(* For every even $n\ge0$, every integer $r\ge0$ and every graph $G$ of order $n$, the degree $d(G)$ is a non-negative integer, and there is a constant $C$ independent of $p$ such that $\mathcal A_r(G)\le C\,N^{-d(G)}$ for all $p\in(0,1)$; i.e. at fixed order $n$ the amplitude scales at most like $N^{-d(G)}$ as $N\to\infty$.
   Context: Fix $p\in(0,1)$ and $N:=1/(1-p)$. Trees. A 2-rooted ternary tree of order $n$ is a finite plane tree $U$ with a root vertex of degree 2 and $n$ true vertices of degree 4; each edge is internal or a leaf (half-edge). Each true vertex $v$ has parent edge $e_1(v)$ (towards the root) and ordered children edges $e_2(v),e_3(v),e_4(v)$. One root edge has type $\alpha$, the other $\bar\alpha$; if $e_1(v)$ has type $\tau$ then $e_2(v)$ has the other type and $e_3(v),e_4(v)$ have type $\tau$. Leaves of type $\alpha$ are leaves, of type $\bar\alpha$ anti-leaves ($n+1$ each). A heap-ordering labels true vertices bijectively by $\{1,\dots,n\}$, increasing from parent to child. Graphs. For even $n$, a graph of order $n$ is $G=(U,w,w')$: $U$ heap-ordered; $w$ a bijection leaves $\to$ anti-leaves (dashed edges; internal edges are solid); $w'$ a partition of true vertices into $n/2$ pairs (wavy edges) with, for each pair $\{v,v'\}$ ($v$ of smaller label), one of eight propagators in $(S,j,k)=(S_v,j_v,k_v)$, $(S',j',k')=(S_{v'},j_{v'},k_{v'})$: $\delta_{jj'}\delta_{kk'}$, $\delta_{j,S-j'}\delta_{kk'}$, $\delta_{jj'}\delta_{k,S-k'}$, $\delta_{j,S-j'}\delta_{k,S-k'}$, $\delta_{jk'}\delta_{kj'}$, $\delta_{j,S-k'}\delta_{kj'}$, $\delta_{jk'}\delta_{k,S-j'}$, $\delta_{j,S-k'}\delta_{k,S-j'}$, together with $S=S'$. Amplitude. A momentum attribution gives each true vertex $S_v\ge0$, $0\le j_v,k_v\le S_v$ and momenta $j_v,S_v-j_v,k_v,S_v-k_v$ to the ends at $v$ of $e_1,\dots,e_4$. For $r\in\mathbb N$ it is admissible if solid edges get equal momenta at both ends, both root edges carry momentum $r$, every dashed edge $e$ joins leaves of equal momentum $m(e)$, and every wavy edge satisfies $S_v=S_{v'}$ and its propagator. $\mathcal A_r(G):=N^{-n}\sum_{\text{admissible}}\prod_{e\text{ dashed}}p^{m(e)}$. Faces and degree. Call the edge-ends at true vertices and at the root slots ($2n+2$ slots). Each propagator of a wavy edge $\{v,v'\}$, together with $S=S'$, identifies each of $j,S-j,k,S-k$ of $v$ with one momentum of $v'$, hence pairs each slot of $v$ with a slot of $v'$; these four pairs are the corners of that wavy edge ($2n$ corners in all). Let $\Gamma$ be the graph on the set of slots whose edges are the solid and dashed edges of $G$, the corners, and one extra edge joining the two root slots; every slot has degree 2, and the connected components (cycles) of $\Gamma$ are the faces; $F(G)$ is their number. Let $E$ be the $(n/2)\times F(G)$ matrix with rows indexed by wavy edges $\omega=\{v,v'\}$ ($v$ of smaller label) and columns by faces, with $E_{\omega f}$ = (number of corners of $\omega$ lying in $f$ that contain $e_1(v)$ or $e_2(v)$) minus (number of corners of $\omega$ lying in $f$ that contain $e_3(v)$ or $e_4(v)$). Let $R(G)$ be the rank of $E$ ($0$ if $n=0$). The degree is $d(G):=n-F(G)+R(G)+1$. *)

From HB Require Import structures.
From mathcomp Require Import all_boot all_order all_algebra.
From mathcomp Require Import all_classical all_reals.
From mathcomp Require Import esum.
Set Implicit Arguments.
Unset Strict Implicit.
Unset Printing Implicit Defensive.
Import Order.TTheory GRing.Theory Num.Theory.
Section NewtonPolygon.
Variables (K : nzRingType) (R : realFieldType) (q : ser K).
Local Notation NP := (@newton_polygon K R q).

Lemma newton_polygon_lb (a b c : nat) :
  (forall i j, q i j != 0 -> (c <= a * i + b * j)%N) ->
  forall x y, NP x y -> c%:R <= a%:R * x + b%:R * y.
Proof.
move=> hq x y [N [lam [px [py [hk [hsum [-> ->]]]]]]].
rewrite !mulr_sumr -big_split /=.
have -> : (c%:R : R) = \sum_(k < N) lam k * c%:R by rewrite -mulr_suml hsum mul1r.
apply: ler_sum => k _; have [hl [i [j [qij [hi hj]]]]] := hk k (ltn_ord k).
have hc : (c%:R : R) <= a%:R * px k + b%:R * py k.
  apply: (le_trans (y := (a * i + b * j)%N%:R)); first by rewrite ler_nat hq.
  by rewrite natrD !natrM; apply: lerD; apply: ler_wpM2l.
rewrite ![_%:R * (lam k * _)]mulrCA -mulrDr.
exact: ler_wpM2l.
Qed.

Lemma newton_polygon_supp_ex x y : NP x y -> exists i j, q i j != 0.
Proof.
move=> hxy; apply: contrapT => hno.
suff : (1%:R : R) <= 0%:R * x + 0%:R * y by rewrite !mul0r addr0 ler10.
apply: newton_polygon_lb hxy => i j qij.
by exfalso; apply: hno; exists i, j.
Qed.

Lemma newton_polygon_supp i j : q i j != 0 -> NP i%:R j%:R.
Proof.
move=> h; exists 1%N, (fun _ => 1), (fun _ => i%:R), (fun _ => j%:R).
split; first by move=> k _; split => //; exists i, j.
by rewrite !big_ord1 !mul1r.
Qed.

Lemma newton_polygon_up x y e : NP x y -> 0 <= e -> NP x (y + e).
Proof.
move=> [N [lam [px [py [hk [hsum [ex ey]]]]]]] he.
exists N, lam, px, (fun k => py k + e); split.
  move=> k hkN; have [hl [i [j [qij [hi hj]]]]] := hk k hkN.
  by split => //; exists i, j; rewrite -[j%:R]addr0 lerD.
do 2!split => //; rewrite ey.
by under [RHS]eq_bigr do rewrite mulrDr; rewrite big_split /= -mulr_suml hsum mul1r.
Qed.

Lemma vertex_of_two_weights (a b a1 b1 a2 b2 : nat) : q a b != 0 ->
  (forall i j, q i j != 0 -> (a1 * a + b1 * b <= a1 * i + b1 * j)%N) ->
  (forall i j, q i j != 0 -> (a2 * a + b2 * b <= a2 * i + b2 * j)%N) ->
  (a1 * b2 != a2 * b1)%N -> is_vertex NP a%:R b%:R.
Proof.
move=> qab h1 h2 hdet; split; first exact: newton_polygon_supp.
move=> x1 y1 x2 y2 t hA hB ht ex ey.
(* each weight is minimal at (a, b), hence attained at both endpoints *)
have tight al be : (forall i j, q i j != 0 -> (al * a + be * b <= al * i + be * j)%N) ->
    al%:R * (x1 - a%:R) + be%:R * (y1 - b%:R) = 0 /\
    al%:R * (x2 - a%:R) + be%:R * (y2 - b%:R) = 0 :> R.
  move=> h; pose c0 : R := al%:R * a%:R + be%:R * b%:R.
  have LA := newton_polygon_lb h hA; have LB := newton_polygon_lb h hB.
  rewrite natrD !natrM -/c0 -subr_ge0 in LA; rewrite natrD !natrM -/c0 -subr_ge0 in LB.
  have hz : t * (al%:R * x1 + be%:R * y1 - c0) + (1 - t) * (al%:R * x2 + be%:R * y2 - c0) =
      al%:R * (t * x1 + (1 - t) * x2 - a%:R) + be%:R * (t * y1 + (1 - t) * y2 - b%:R).
    by rewrite /c0; ring.
  rewrite -ex -ey !subrr !mulr0 addr0 in hz.
  have [eA eB] := convex_comb_eq0 ht LA LB hz.
  by split; [rewrite -eA | rewrite -eB]; rewrite /c0; ring.
have hdetR : a1%:R * b2%:R != a2%:R * b1%:R :> R by rewrite -!natrM eqr_nat.
have [t1A t1B] := tight _ _ h1; have [t2A t2B] := tight _ _ h2.
have [/eqP dx1 /eqP dy1] := lin_indep_zero hdetR t1A t2A.
have [/eqP dx2 /eqP dy2] := lin_indep_zero hdetR t1B t2B.
by move: dx1 dy1 dx2 dy2; rewrite !subr_eq0 => /eqP -> /eqP -> /eqP -> /eqP ->.
Qed.
(* Let $\mathcal E$ be a nest on a complex Banach space $X$ and let $\mathcal J$ be a $\mathcal T(\mathcal E)$-bimodule. Then $(\Phi_{\mathcal J},\Phi^e_{\mathcal J})$ is an admissible support function pair on $\mathcal E$.
   Context: A nest $\mathcal E$ on $X$ is a family of closed linear subspaces of $X$, totally ordered by inclusion, containing $\{0\}$ and $X$, closed under arbitrary meets $\wedge$ (intersections) and joins $\vee$ (norm-closed linear spans of unions). For $E\in\mathcal E$, $E_-=\vee\{F\in\mathcal E: F\subsetneq E\}$ and $E_+=\wedge\{F\in\mathcal E: E\subsetneq F\}$. $\mathcal T(\mathcal E)=\{T\in\mathcal B(X): TE\subseteq E\ \forall E\in\mathcal E\}$; a $\mathcal T(\mathcal E)$-bimodule is a linear subspace $\mathcal J\subseteq\mathcal B(X)$ with $\mathcal T(\mathcal E)\mathcal J,\mathcal J\mathcal T(\mathcal E)\subseteq\mathcal J$. For subspaces $M,L$ ($L$ closed), $M/L=\{m+L:m\in M\}$ and $\dim(M/L)$ is its dimension. A support function is an inclusion-preserving map $\mathcal E\to\mathcal E$; it is admissible if for all $N\neq\{0\}$, $\vee_{E\subsetneq N}\Phi(E)=\Phi(N_-)$. $\Phi\le\Theta$ means $\Phi(E)\subseteq\Theta(E)$ for all $E$. $\mathcal E_f=\{N\in\mathcal E: 0<\dim(N/N_-)<\infty\}$. An essential support function is a support function $\Psi$ such that for all $N,N_1,N_2\in\mathcal E$ with $N_1\subseteq N_2$: (a) $\Psi(N)\in\mathcal E_f\Rightarrow\Psi(N)=\Psi(N)_+$; (b) $\dim(N_2/N_1)<\infty\Rightarrow\Psi(N_2)=\Psi(N_1)$. A support function pair is a pair $(\Phi,\Psi)$ with $\Phi$ admissible, $\Phi(\{0\})=\{0\}$, $\Psi$ an essential support function and $\Psi\le\Phi$; it is admissible if moreover $\Psi(N)\in\mathcal E_f\Rightarrow\Psi(N)\subsetneq\Phi(N)$ for all $N\in\mathcal E$. For a bimodule $\mathcal J$: $\Phi_{\mathcal J}(E)=[\mathcal JE]$ (norm-closed linear span of $\{Tx:T\in\mathcal J,x\in E\}$), and $\Phi^e_{\mathcal J}(N)=\wedge\{L\in\mathcal E: \dim(TN/L)<\infty\ \forall T\in\mathcal J\}$. *)

(* Complex scalars: C := R[i] for R : realType
   (mathcomp-real-closed's complex numbers), a complex Banach space is a
   completeNormedModType R[i]. *)
From mathcomp Require Import all_boot all_algebra.
From mathcomp Require Import all_classical all_reals all_analysis.
From mathcomp Require Import complex.

Set Implicit Arguments.
Unset Strict Implicit.
Unset Printing Implicit Defensive.

Import GRing.Theory Num.Theory.
Local Open Scope classical_set_scope.
Local Open Scope ring_scope.

Section NestDefs.
Context {R : realType} {V : normedModType R[i]}.

Definition lin_subspace (M : set V) : Prop :=
  M 0 /\ forall (a : R[i]) (x y : V), M x -> M y -> M (a *: x + y).

Definition closed_subspace (M : set V) : Prop := lin_subspace M /\ closed M.

Definition cspan (S : set V) : set V :=
  \bigcap_(M in [set M | closed_subspace M /\ S `<=` M]) M.

Definition smeet (F : set (set V)) : set V := \bigcap_(M in F) M.
Definition sjoin (F : set (set V)) : set V := cspan (\bigcup_(M in F) M).

Definition is_nest (E : set (set V)) : Prop :=
  [/\ (forall M, E M -> closed_subspace M),
      (forall M N, E M -> E N -> M `<=` N \/ N `<=` M),
      E [set (0 : V)], E setT &
      forall F, F `<=` E -> E (smeet F) /\ E (sjoin F)].

Definition nest_minus (E : set (set V)) (N : set V) : set V :=
  sjoin [set F | E F /\ F `<=` N /\ F <> N].
Definition nest_plus (E : set (set V)) (N : set V) : set V :=
  smeet [set F | E F /\ N `<=` F /\ N <> F].

Definition bounded_op (T : V -> V) : Prop :=
  (forall (a : R[i]) (x y : V), T (a *: x + y) = a *: T x + T y) /\
  continuous T.

Definition nest_alg (E : set (set V)) (T : V -> V) : Prop :=
  bounded_op T /\ forall M, E M -> T @` M `<=` M.

Definition bimodule (E : set (set V)) (J : set (V -> V)) : Prop :=
  [/\ J `<=` bounded_op,
      J (fun _ => 0),
      (forall (a : R[i]) S T, J S -> J T -> J (fun x => a *: S x + T x)) &
      forall A S, nest_alg E A -> J S -> J (A \o S) /\ J (S \o A)].

(* dim (M / L) < oo : M / L = {m + L} is spanned by finitely many cosets *)
Definition quot_fin_dim (M L : set V) : Prop :=
  exists (n : nat) (v : 'I_n -> V), (forall i, M (v i)) /\
    forall x, M x -> exists c : 'I_n -> R[i], L (x - \sum_(i < n) c i *: v i).

(* 0 < dim (M / L) : M / L is not the zero space *)
Definition quot_dim_pos (M L : set V) : Prop := exists x, M x /\ ~ L x.

Definition nest_f (E : set (set V)) (N : set V) : Prop :=
  [/\ E N, quot_dim_pos N (nest_minus E N) & quot_fin_dim N (nest_minus E N)].

Definition support_fun (E : set (set V)) (Phi : set V -> set V) : Prop :=
  (forall N, E N -> E (Phi N)) /\
  (forall N1 N2, E N1 -> E N2 -> N1 `<=` N2 -> Phi N1 `<=` Phi N2).

Definition admissible_sf (E : set (set V)) (Phi : set V -> set V) : Prop :=
  support_fun E Phi /\
  forall N, E N -> N <> [set (0 : V)] ->
    sjoin (Phi @` [set F | E F /\ F `<=` N /\ F <> N]) = Phi (nest_minus E N).

Definition essential_sf (E : set (set V)) (Psi : set V -> set V) : Prop :=
  [/\ support_fun E Psi,
      (forall N, E N -> nest_f E (Psi N) -> Psi N = nest_plus E (Psi N)) &
      (forall N1 N2, E N1 -> E N2 -> N1 `<=` N2 -> quot_fin_dim N2 N1 ->
         Psi N2 = Psi N1)].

************

WORK ORDER: Which lines above run from the one containing "Lemma newton_polygon_up x" to the one containing "move=> k hkN;"? Give them again exactly, both ends included.

WRITTEN RESPONSE:
Lemma newton_polygon_up x y e : NP x y -> 0 <= e -> NP x (y + e).
Proof.
move=> [N [lam [px [py [hk [hsum [ex ey]]]]]]] he.
exists N, lam, px, (fun k => py k + e); split.
  move=> k hkN; have [hl [i [j [qij [hi hj]]]]] := hk k hkN.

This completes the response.